Exact reproduction required: the lines below from the line with "rewrite -[x :: s2b]cat1s" to the line with "pick_step_spec P s P", both ends included, and no others.

=====

(* Let $S,T\subseteq\mathbb{Z}_{>0}$ be finite with $T\preceq S$, and let $S'\subseteq S$ with $S'\neq S$. Let $a=\min(S\setminus S')$ and $b=\min((T\triangleleft S)\setminus(T\triangleleft S'))$. Then $T\triangleleft(S\setminus\{a\})=(T\triangleleft S)\setminus\{b\}$.
   Context: For a finite set $S\subseteq\mathbb{Z}_{>0}$, $S(i)$ denotes its $i$th smallest element. $T\preceq S$ means $|T|\ge|S|$ and $T(i)<S(i)$ for all $i\in[|S|]$. For finite $S,T$, $T\triangleleft S$ is computed by going through $S$ from largest to smallest; each $s$ picks the largest element of $T$ less than $s$ not yet picked (if one exists); $T\triangleleft S$ is the set of picked elements. *)

From mathcomp Require Import all_boot all_order.
From mathcomp Require Import finmap.
Set Implicit Arguments. Unset Strict Implicit. Unset Printing Implicit Defensive.
Local Open Scope fset_scope.

(* S(i): the i-th smallest element of S, 0-indexed (i < #|`S|). *)
Definition ith (S : {fset nat}) (i : nat) : nat := nth 0 (sort leq S) i.

Definition precs (T S : {fset nat}) : Prop :=
  #|`S| <= #|`T| /\ forall i, i < #|`S| -> ith T i < ith S i.

Definition pick_step (T : {fset nat}) (P : {fset nat}) (s : nat) : {fset nat} :=
  let C := [fset t in T | (t < s) && (t \notin P)] in
  if C == fset0 then P else (\max_(t <- C) t) |` P.

Definition tri (T S : {fset nat}) : {fset nat} :=
  foldl (pick_step T) fset0 (sort geq S).

From mathcomp Require Import all_boot all_order.
From mathcomp Require Import finmap.

(* Two consecutive picking steps commute, so T ◁ X does not depend on the
   order in which X is processed.  Hence T ◁ (X ∪ {s}) is T ◁ X followed by
   one step for s, and enlarging X only adds picks.  Processing S in
   increasing order, T ⪯ S guarantees that every element of S picks, so
   T ◁ S = (T ◁ (S∖{a})) ∪ {c}, where c is the largest element of T below a
   that S∖{a} leaves unpicked.  The elements of S∖{a} that are not in S' all
   exceed a > c, so each extra pick they make while growing T ◁ S' to
   T ◁ (S∖{a}) is above the still unpicked c; therefore c = b. *)

Set Implicit Arguments.
Unset Strict Implicit.
Unset Printing Implicit Defensive.

Local Open Scope fset_scope.

Lemma bigmax_mem (r : seq nat) : 0 < size r -> \max_(t <- r) t \in r.
Proof.
elim: r => [|x r IH] // _; rewrite big_cons inE /maxn.
case: ltnP => [lt_x_max|_]; last by rewrite eqxx.
by rewrite IH ?orbT //; case: r {IH} lt_x_max => //; rewrite big_nil.
Qed.

Lemma foldl_rcommute (A R : Type) (f : R -> A -> R) :
    (forall z x y, f (f z x) y = f (f z y) x) ->
  forall z x s, foldl f (f z x) s = f (foldl f z s) x.
Proof. by move=> fC z x s; elim: s z => //= y s IH z; rewrite fC IH. Qed.

Lemma perm_foldl (A : eqType) (R : Type) (f : R -> A -> R) :
    (forall z x y, f (f z x) y = f (f z y) x) ->
  forall z s1 s2, perm_eq s1 s2 -> foldl f z s1 = foldl f z s2.
Proof.
move=> fC z s1; elim: s1 z => [|x s1 IH] z s2 eq12.
  by move: eq12; rewrite perm_sym => /perm_nilP->.
have x_s2 : x \in s2 by rewrite -(perm_mem eq12) mem_head.
move: eq12; case/splitPr: x_s2 => s2a s2b.
rewrite -[x :: s2b]cat1s perm_sym perm_catCA /= perm_cons perm_sym => /IH eq12 /=.
by rewrite eq12 foldl_rcommute // !foldl_cat /= foldl_rcommute.
Qed.

Section PickStep.

Variable T : {fset nat}.

Definition pickable (P : {fset nat}) (s t : nat) : bool :=
  [&& t \in T, t < s & t \notin P].

Variant pick_step_spec (P : {fset nat}) (s : nat) : {fset nat} -> Prop :=
  | PickStepNone of (forall t, ~~ pickable P s t) : pick_step_spec P s P
  | PickStepSome c of pickable P s c & (forall t, pickable P s t -> t <= c) :
      pick_step_spec P s (c |` P).

Lemma pick_stepP P s : pick_step_spec P s (pick_step T P s).
Proof.
rewrite /pick_step; set C := [fset t in T | _].
have inC t : (t \in C) = pickable P s t by rewrite !inE.
case: eqP => [C0|/eqP C_neq0].
  by constructor=> t; rewrite -inC C0 inE.
constructor=> [|t]; last by rewrite -inC => tC; exact: leq_bigmax_seq.
by rewrite -inC bigmax_mem // cardfs_gt0.
Qed.

Lemma pick_step_none P s : (forall t, ~~ pickable P s t) -> pick_step T P s = P.
Proof. by move=> none; case: pick_stepP => // c c_pk _; have := none c; rewrite c_pk. Qed.

Lemma pick_step_max P s c :
  pickable P s c -> (forall t, pickable P s t -> t <= c) -> pick_step T P s = c |` P.
Proof.
move=> c_pk c_max; case: pick_stepP => [none|d d_pk d_max].
  by have := none c; rewrite c_pk.
by rewrite (@anti_leq c d) ?c_max ?d_max.
Qed.

Lemma eq_pick_step P s1 s2 : pickable P s1 =1 pickable P s2 ->
  pick_step T P s1 = pick_step T P s2.
Proof.
move=> eq_pk; rewrite /pick_step.
suff -> : [fset t in T | (t < s1) && (t \notin P)] =
          [fset t in T | (t < s2) && (t \notin P)] by [].
by apply/fsetP=> t; have := eq_pk t; rewrite !inE.
Qed.

Lemma pickable_fsetU1 x P s t : pickable (x |` P) s t = (t != x) && pickable P s t.
Proof. by rewrite /pickable !inE negb_or; case: (t != x); rewrite ?andbF. Qed.

Lemma pickable_leq P s1 s2 t : s1 <= s2 -> pickable P s1 t -> pickable P s2 t.
Proof. by move=> le_s12 /and3P[tT ts1 tP]; rewrite /pickable tT tP (leq_trans ts1). Qed.

Lemma pick_stepC P s1 s2 :
  pick_step T (pick_step T P s1) s2 = pick_step T (pick_step T P s2) s1.
Proof.
wlog le_s12 : s1 s2 / s1 <= s2.
  by move=> wlog; have [/wlog|/ltnW/wlog] := leqP s1 s2.
(* Let c, d be the picks of s1, s2 from P.  If d < s1 then c = d, and both
   orders pick d first and then face the same candidates; otherwise
   c < s1 <= d, and both orders pick exactly c and d. *)
case: (pick_stepP P s2) => [none2|d d_pk2 d_max].
  have none1 t : ~~ pickable P s1 t by apply: contra (none2 t); exact: pickable_leq.
  by rewrite !pick_step_none.
case: (pick_stepP P s1) => [none1|c c_pk1 c_max].
  rewrite (pick_step_max d_pk2 d_max) pick_step_none // => t.
  by rewrite pickable_fsetU1 negb_and none1 orbT.
have le_cd : c <= d by apply/d_max/(pickable_leq le_s12).
have [lt_d_s1|le_s1_d] := ltnP d s1.
  have d_pk1 : pickable P s1 d.
    by case/and3P: d_pk2 => dT _ dP; rewrite /pickable dT dP lt_d_s1.
  have {le_cd}<- : c = d by apply/anti_leq; rewrite le_cd c_max.
  apply: eq_pick_step => t; rewrite !pickable_fsetU1; case: (t != c) => //=.
  apply/idP/idP=> [t_pk|]; last exact: pickable_leq.
  case/and3P: (t_pk) => tT _ tP; rewrite /pickable tT tP andbT.
  exact: leq_ltn_trans (d_max t t_pk) lt_d_s1.
have neq_dc : d != c by rewrite neq_ltn (leq_trans _ le_s1_d) ?orbT //; case/and3P: c_pk1.
have pk_d : pickable (c |` P) s2 d by rewrite pickable_fsetU1 neq_dc.
have pk_c : pickable (d |` P) s1 c by rewrite pickable_fsetU1 eq_sym neq_dc.
have max_d t : pickable (c |` P) s2 t -> t <= d.
  by rewrite pickable_fsetU1 => /andP[_ /d_max].
have max_c t : pickable (d |` P) s1 t -> t <= c.
  by rewrite pickable_fsetU1 => /andP[_ /c_max].
by rewrite (pick_step_max pk_d max_d) (pick_step_max pk_c max_c) fsetUCA.
Qed.

Lemma fsubset_pick_step P s : P `<=` pick_step T P s.
Proof. by case: pick_stepP => // c *; exact: fsubsetU1. Qed.

Lemma pick_step_sub P s : pick_step T P s `<=` P `|` [fset t in T | t < s].
Proof.
case: pick_stepP => [_|c /and3P[cT cs _] _]; first exact: fsubsetUl.
by apply/fsubsetP=> t; rewrite !inE => /orP[/eqP->|->]; rewrite ?cT ?cs ?orbT.
Qed.

Lemma card_pick_step P s : #|` pick_step T P s| <= #|` P|.+1.
Proof. by case: pick_stepP => // c *; rewrite cardfsU1; case: (c \notin P). Qed.

Lemma fsubset_foldl_pick_step P l : P `<=` foldl (pick_step T) P l.
Proof.
elim: l P => //= s l IH P.
exact: fsubset_trans (fsubset_pick_step P s) (IH _).
Qed.

Lemma card_foldl_pick_step P l : #|` foldl (pick_step T) P l| <= #|` P| + size l.
Proof.
elim: l P => [|s l IH] P /=; first by rewrite addn0.
by rewrite addnS -addSn (leq_trans (IH _)) // leq_add2r card_pick_step.
Qed.

Lemma foldl_pick_step_sub P l b : all (fun s => s <= b) l ->
  foldl (pick_step T) P l `<=` P `|` [fset t in T | t < b].
Proof.
elim: l P => [|s l IH] P /=; first by move=> _; exact: fsubsetUl.
case/andP=> sb l_le_b; apply: fsubset_trans (IH _ l_le_b) _.
apply/fsubsetP=> t /fsetUP[/(fsubsetP (pick_step_sub P s))|]; rewrite !inE.
  by case/orP=> [->//|/andP[-> ts]]; rewrite (leq_trans ts sb) orbT.
by move->; rewrite orbT.
Qed.

Lemma card_foldl_pick_step_sorted l : sorted ltn l ->
    (forall i, i < size l -> i < #|` [fset t in T | t < nth 0 l i]|) ->
  #|` foldl (pick_step T) fset0 l| = size l.
Proof.
elim/last_ind: l => [|l s IH]; first by rewrite cardfs0.
rewrite (sorted_pairwise ltn_trans) pairwise_rcons -(sorted_pairwise ltn_trans).
case/andP=> l_lt_s l_sorted enough; rewrite foldl_rcons size_rcons.
set R := foldl _ _ l.
have card_R : #|` R| = size l.
  apply: IH => // i il.
  by have := enough i; rewrite size_rcons nth_rcons il ltnS; apply; exact: ltnW.
have R_sub : R `<=` [fset t in T | t < s].
  rewrite -[X in _ `<=` X]fset0U foldl_pick_step_sub //.
  by apply: sub_all l_lt_s => x; exact: ltnW.
have lt_R : #|` R| < #|` [fset t in T | t < s]|.
  rewrite card_R; have := enough (size l).
  by rewrite size_rcons nth_rcons ltnn eqxx; apply.
case: pick_stepP => [none|c /and3P[_ _ cR] _]; last by rewrite cardfsU1 cR card_R.
suff /fsubset_leq_card : [fset t in T | t < s] `<=` R by rewrite leqNgt lt_R.
apply/fsubsetP=> t; rewrite inE => /andP[tT ts].
by have := none t; rewrite /pickable tT ts negbK.
Qed.

Lemma foldl_pick_step_gt P l c : c \in T -> c \notin foldl (pick_step T) P l ->
  all (fun s => c < s) l -> {in foldl (pick_step T) P l `\` P, forall t, c < t}.
Proof.
elim: l P => [|s l IH] P cT /=; first by move=> _ _ t; rewrite fsetDv inE.
move=> c_out /andP[cs c_lt] t; rewrite inE => /andP[tP t_in].
have c_pk : pickable P s c.
  rewrite /pickable cT cs; apply: contra c_out; apply: fsubsetP.
  exact: fsubset_trans (fsubset_pick_step P s) (fsubset_foldl_pick_step _ l).
case: (boolP (t \in pick_step T P s)) => t_step.
  move: c_out t_step; case: pick_stepP => [none|d _ d_max].
    by have := none c; rewrite c_pk.
  move=> c_out /fset1UP[->|tP']; last by rewrite tP' in tP.
  rewrite ltn_neqAle d_max // andbT; apply: contraNneq c_out => ->.
  exact: fsubsetP (fsubset_foldl_pick_step _ l) d (fset1U1 d P).
by apply: (IH _ cT c_out c_lt); rewrite inE t_step.
Qed.

End PickStep.

Lemma tri_perm (T X : {fset nat}) (l : seq nat) :
  perm_eq l X -> tri T X = foldl (pick_step T) fset0 l.
Proof.
by move=> eq_lX; apply: perm_foldl (pick_stepC T) _ _ _ _; rewrite perm_sort perm_sym.
Qed.

Lemma triE (T X : {fset nat}) : tri T X = foldl (pick_step T) fset0 X.
Proof. exact: tri_perm. Qed.

Lemma tri_fsetU1 (T X : {fset nat}) s :
  s \notin X -> tri T (s |` X) = pick_step T (tri T X) s.
Proof.
move=> sX; have eq_sX : perm_eq (rcons X s) (s |` X).
  by apply: uniq_perm => [||x]; rewrite ?rcons_uniq ?sX ?fset_uniq ?mem_rcons ?inE.
by rewrite (tri_perm T eq_sX) foldl_rcons -triE.
Qed.

Lemma tri_fsetD (T X Y : {fset nat}) :
  X `<=` Y -> tri T Y = foldl (pick_step T) (tri T X) (Y `\` X).
Proof.
move=> XY; have eq_XY : perm_eq (X ++ Y `\` X) Y.
  apply: uniq_perm => [||x]; rewrite ?cat_uniq ?fset_uniq ?andbT //.
    by apply/hasPn=> x; rewrite inE => /andP[].
  rewrite mem_cat inE.
  by case: (boolP (x \in X)) => //= xX; rewrite (fsubsetP XY x xX).
by rewrite (tri_perm T eq_XY) foldl_cat -triE.
Qed.

Lemma fsubset_tri (T X Y : {fset nat}) : X `<=` Y -> tri T X `<=` tri T Y.
Proof. by move=> XY; rewrite (tri_fsetD T XY) fsubset_foldl_pick_step. Qed.

Lemma card_tri_leq (T X : {fset nat}) : #|` tri T X| <= #|` X|.
Proof.
rewrite triE.
by have := card_foldl_pick_step T fset0 X; rewrite cardfs0.
Qed.

Lemma precs_card_lt (T S : {fset nat}) i : precs T S -> i < #|` S| ->
  i < #|` [fset t in T | t < ith S i]|.
Proof.
move=> [le_ST lt_ith] iS; set lT := sort leq T.
have iT : i < size lT by rewrite size_sort (leq_trans iS le_ST).
have lT_uniq : uniq lT by rewrite sort_uniq fset_uniq.
rewrite -(size_iota 0 i.+1) -(size_map (nth 0 lT)).
apply: uniq_leq_size.
  rewrite map_inj_in_uniq ?iota_uniq // => j k; rewrite !mem_iota !add0n !ltnS.
  move=> /= ji ki /eqP; rewrite nth_uniq ?(leq_ltn_trans ji) ?(leq_ltn_trans ki) //.
  by move/eqP.
move=> x /mapP[j]; rewrite mem_iota add0n ltnS /= => ji ->.
have jT : j < size lT := leq_ltn_trans ji iT.
have := mem_nth 0 jT; rewrite mem_sort => nthT.
rewrite inE; apply/andP; split; first exact: nthT.
apply: leq_ltn_trans (lt_ith i iS).
exact: (sorted_leq_nth leq_trans leqnn 0 (sort_sorted leq_total T)).
Qed.

Lemma card_tri_precs (T S : {fset nat}) : precs T S -> #|` tri T S| = #|` S|.
Proof.
move=> TS; rewrite (@tri_perm _ _ (sort leq S)) ?perm_sort //.
rewrite card_foldl_pick_step_sorted ?size_sort //.
  by rewrite ltn_sorted_uniq_leq sort_uniq fset_uniq sort_sorted //; exact: leq_total.
by move=> i; exact: precs_card_lt.
Qed.

Lemma tri_precs_fsetD1 (T S : {fset nat}) a : precs T S -> a \in S ->
  exists2 c, pickable T (tri T (S `\ a)) a c & tri T S = c |` tri T (S `\ a).
Proof.
move=> TS aS; have triS : tri T S = pick_step T (tri T (S `\ a)) a.
  by rewrite -tri_fsetU1 ?fsetD11 // fsetD1K.
have := card_tri_precs TS; rewrite triS (cardfsD1 a S) aS.
case: pick_stepP => [_ card_eq|c c_pk _ _]; last by exists c.
by have := card_tri_leq T (S `\ a); rewrite card_eq add1n ltnn.
Qed.

Theorem lemma4p15 (S T S' : {fset nat}) (a b : nat) :
  (forall x, x \in S -> 0 < x) ->
  (forall x, x \in T -> 0 < x) ->
  precs T S ->
  S' `<=` S -> S' != S ->
  a \in S `\` S' -> (forall x, x \in S `\` S' -> a <= x) ->
  b \in tri T S `\` tri T S' -> (forall x, x \in tri T S `\` tri T S' -> b <= x) ->
  tri T (S `\ a) = tri T S `\ b.
Proof.
move=> _ _ TS S'S _ /fsetDP[aS aS'] a_min bD b_min; set A := S `\ a.
have S'A : S' `<=` A.
  apply/fsubsetP=> x xS'; rewrite !inE (fsubsetP S'S x xS') andbT.
  by apply: contraNneq aS' => <-.
have [c /and3P[cT ca c_notA] triSc] := tri_precs_fsetD1 TS aS.
have c_gt : {in tri T A `\` tri T S', forall t, c < t}.
  move: c_notA; rewrite (tri_fsetD T S'A) => c_notA.
  apply: foldl_pick_step_gt => //; apply/allP=> s; rewrite !inE => /and3P[sS' _ sS].
  by apply: leq_trans ca (a_min s _); rewrite inE sS' sS.
have c_notS' : c \notin tri T S' := contra (fsubsetP (fsubset_tri T S'A) c) c_notA.
have -> : b = c.
  apply/anti_leq; rewrite b_min /=; last by rewrite triSc !inE eqxx c_notS'.
  move: bD; rewrite triSc !inE => /andP[bS' /orP[/eqP->|bA]]; first exact: leqnn.
  by apply/ltnW/c_gt; rewrite inE bS' bA.
by rewrite triSc fsetU1K.
Qed.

=====

RESPONSE TO THE TASK:
rewrite -[x :: s2b]cat1s perm_sym perm_catCA /= perm_cons perm_sym => /IH eq12 /=.
by rewrite eq12 foldl_rcommute // !foldl_cat /= foldl_rcommute.
Qed.

Section PickStep.

Variable T : {fset nat}.

Definition pickable (P : {fset nat}) (s t : nat) : bool :=
  [&& t \in T, t < s & t \notin P].

Variant pick_step_spec (P : {fset nat}) (s : nat) : {fset nat} -> Prop :=
  | PickStepNone of (forall t, ~~ pickable P s t) : pick_step_spec P s P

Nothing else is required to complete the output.